М.П. Погодин, оказавшийся в это время в Петербурге, был поражен вестью о кончине друга-философа и поспешил на отпевание в Знаменский Входоиерусалимский храм. Один из совершавших отпевание священников, протоиерей Федор Сидонский [119], надгробную речь закончил словами: «Не напрасно же после сего возгласили мы… почившему рабу Божию Иоанну вечную память, и как христианину, жившему с верою, и как писателю, не стыдившемуся свидетельствовать о вере. Он не сокрыл своего таланта в землю, не поставил светильника, в нем возжженного, под спудом, а поработал Господеви, как свидетельствуют знающие его, со страхом и порадовался Ему с трепетом [120]. Да будут же те живые убеждения, коих важность желал он уяснить для оплодотворения западного просвещения, — да будут они ему источником нескончаемых радостей в жизни иной, как они согревали сердце его в жизни здешней! Верующий в Господа нашего Иисуса Христа, аще и умрет, жив будет с Ним и о Нем, блажен будет о Нем — и здесь и там» [121].
По окончании отпевания гроб с телом покойного доставили на вокзал, чтобы препроводить его в Москву и далее на место вечного упокоения в столь любимую им Козельскую Введенскую Оптину пустынь.

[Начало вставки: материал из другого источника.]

Lemma deg_le_trace {d : nat} {h : F -> F} :
  deg_le h d -> deg_le (fun x => trace n.+1 (h x)) d.
Proof. by move=> hd; apply: deg_le_sum => k; apply: (deg_le_pow2 cardF _ hd). Qed.

End Trace.

(* At least half of the exponents below 2^(2m) have weight <= m: complementing
   the bits maps the exponents of weight >= m into them. *)
Lemma card_light_exponents m n : n = (2 ^ (2 * m))%N ->
  (n <= 2 * #|[set e : 'I_n | (wt e <= m)%N]|)%N.
Proof.
move=> hn; set W := [set e : 'I_n | _].
pose B := [set e : 'I_n | (m <= wt e)%N].
have BW : (@rev_ord n) @: B \subset W.
  apply/subsetP => x /imsetP [e]; rewrite !inE => heavy ->.
  have e_lt : (e < 2 ^ (2 * m))%N by rewrite -hn.
  rewrite /=; have -> : (n - e.+1 = 2 ^ (2 * m) - 1 - e)%N by lia.
  by rewrite wt_compl //; lia.
have cover : (n <= #|W :|: B|)%N.
  rewrite -[X in (X <= _)%N]card_ord -cardsT; apply: subset_leq_card.
  by apply/subsetP => e _; rewrite !inE leq_total.
have := subset_leq_card BW; rewrite card_imset; last exact: rev_ord_inj.
by have := (leq_card_setU W B).1; lia.
Qed.

(* Linear algebra: if there are more admissible exponents W than points Z,
   some nonzero combination sum_(e in W) v_e x^e vanishes on Z (the kernel of
   the #|W| x #|Z| evaluation matrix is nontrivial). *)
Lemma vanishing_combination (F : finFieldType) (Z : {set F}) (W : {set 'I_#|F|}) :
  (#|Z| < #|W|)%N ->
  exists v : 'I_#|F| -> F, (exists e, v e != 0) /\ (forall e, e \notin W -> v e = 0) /\
    (forall x, x \in Z -> \sum_(e < #|F|) v e * x ^+ e = 0).
Proof.
move=> hZW.
pose A : 'M[F]_(#|W|, #|Z|) := \matrix_(i, j) ((enum_val j : F) ^+ (enum_val i : 'I_#|F|)).
have : kermx A != 0.
  by rewrite -mxrank_eq0 mxrank_ker -lt0n subn_gt0 (leq_ltn_trans (rank_leq_col A)).
case/matrix0Pn => i0 [j0 u_nz].
pose u := row i0 (kermx A).
have uA : u *m A = 0 by rewrite -row_mul mulmx_ker row0.
pose v (e : 'I_#|F|) := \sum_(i < #|W| | enum_val i == e) u 0 i.
exists v; split; [|split].
- exists (enum_val j0); rewrite /v (bigD1 j0) //= big1 ?addr0 ?[u 0 j0]mxE //.
  by move=> i /andP [/eqP /enum_val_inj ->]; rewrite eqxx.
- by move=> e eW; rewrite /v big1 // => i /eqP ei; move: eW; rewrite -ei enum_valP.
move=> x xZ; have := congr1 (fun M : 'M_(1, #|Z|) => M 0 (enum_rank_in xZ x)) uA.
rewrite !mxE => uAx; rewrite -[RHS]uAx [RHS](partition_big enum_val xpredT) //=.
apply: eq_bigr => e _; rewrite /v mulr_suml.
by apply: eq_bigr => i /eqP ei; rewrite [A _ _]mxE enum_rankK_in // ei.
Qed.

Lemma exists_nonroot (F : finFieldType) (v : 'I_#|F| -> F) e0 : v e0 != 0 ->
  exists a : F, \sum_(e < #|F|) v e * a ^+ e != 0.
Proof.
move=> v_nz; apply/existsP; apply: contraT; rewrite negb_exists => /forallP P0.
pose P : {poly F} := \sum_(e < #|F|) v e *: 'X^e.
have : P`_e0 = v e0.
  rewrite /P coef_sum (bigD1 e0) //= coefZ coefXn eqxx mulr1 big1 ?addr0 // => e ne.
  by rewrite coefZ coefXn eq_sym (inj_eq val_inj) (negbTE ne) mulr0.
suff -> : P = 0 by rewrite coef0 => /esym/eqP; rewrite (negbTE v_nz).
apply: poly_vanishing_eq0 => [|a].
  rewrite /P; apply: (big_ind (fun p : {poly F} => (size p <= #|F|)%N)) => [|p q sp sq|e _].
  - by rewrite size_poly0.
  - by apply: leq_trans (size_polyD _ _) _; rewrite geq_max sp sq.
  by apply: leq_trans (size_scale_leq _ _) _; rewrite size_polyXn.
rewrite /P horner_sum -[RHS](eqP (negbNE (P0 a))).
by apply: eq_bigr => e _; rewrite hornerZ hornerXn.
Qed.

(* Take P = sum_(wt e <= m) v_e x^e nonzero and vanishing on Z, a point a with
   P(a) != 0 and t with trace t = 1; g(x) = trace (t P(x) / P(a)) works. *)
Lemma low_degree_annihilator (F : finFieldType) (m : nat) (Z : {set F}) :
  (1 <= m)%N -> #|F| = (2 ^ (2 * m))%N -> (2 * #|Z| < #|F|)%N ->
  exists g : boolfun F, nonzero_bf g /\ (forall x, x \in Z -> g x = false) /\ alg_deg_le g m.
Proof.
move=> hm cardF small_Z.
have [n cardF'] : exists n, #|F| = (2 ^ n.+1)%N.
  by exists (2 * m).-1; rewrite prednK ?muln_gt0.
have := card_light_exponents m _ cardF; set W := [set e | _] => card_W.
have [|v [[e0 v_nz] [v_light v_Z]]] := vanishing_combination _ Z W.
  by rewrite -(ltn_pmul2l (isT : (0 < 2)%N)) (leq_trans small_Z card_W).
pose P x := \sum_(e < #|F|) v e * x ^+ e.
have P_deg : deg_le P m.
  by exists v; split => // e heavy; apply: v_light; rewrite inE -ltnNge.
have [a Pa_nz] := exists_nonroot _ _ _ v_nz.
have [t trace_t] := trace_neq0 cardF'.
pose h x := trace n.+1 (t / P a * P x).
have h_bool x : h x = 0 \/ h x = 1 := trace_bool cardF' _.
exists (fun x => h x == 1); split; [|split].
- exists a; rewrite /h divfK //.
  by case: (trace_bool cardF' t) trace_t => ->; rewrite ?eqxx.
- by move=> x xZ; rewrite /h (v_Z x xZ : P x = 0) mulr0 trace0 eq_sym oner_eq0.
apply: (deg_le_ext (deg_le_trace cardF' (deg_leZ (t / P a) P_deg))) => x.
by rewrite -/(h x); case: (h_bool x) => ->; rewrite ?eqxx // eq_sym oner_eq0.
Qed.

Его похоронили у алтаря соборного храма. На подножии креста, установленного на могиле И.В. Киреевского, по благословению его духовника, старца иеромонаха Макария (Иванова) [122], были высечены слова, в которых отразилась вся земная жизнь философа-христианина: Премудрость возлюбих и поисках от юности моея… Познав же, яко не инако одержу, аще не Господь даст… приидох ко Господу [123].
Нина Лазарева
Рядом со славянофилами
Добрые силы в одиночестве не растут. Рожь заглохнет между сорных трав.
В ответ А.С. Хомякову
Статья г-на Хомякова возбудила во многих из нас желание написать ему возражение. Потому я хотел сначала уступить это удовольствие другим и предложить вам статью об ином предмете. Но потом, когда я обдумал, что понятие наше об отношении прошедшего состояния России к настоящему принадлежит не к таким вопросам, о которых мы можем иметь безнаказанно то или другое мнение, как о предметах литературы, о музыке или о иностранной политике, но составляет, так сказать, существенную часть нас самих, ибо входит в малейшее обстоятельство, в каждую минуту нашей жизни; когда я обдумал еще, что каждый из нас имеет об этом предмете отличное от других мнение, тогда я решился писать, думая, что моя статья не может помешать другому говорить о том же, потому что это дело для каждого важно, мнения всех различны и единомыслие могло бы быть не бесполезно для всех.
Вопрос обыкновенно предлагается таким образом: прежняя Россия, в которой порядок вещей слагался из собственных ее элементов, была ли лучше или хуже теперешней России, где порядок вещей подчинен преобладанию элемента западного? Если прежняя России была лучше теперешней, говорят обыкновенно, то надобно желать возвратить старое, исключительно русское, и уничтожить западное, искажающее русскую особенность; если же прежняя Россия была хуже, то надобно стараться вводить все западное и истреблять особенность русскую [1].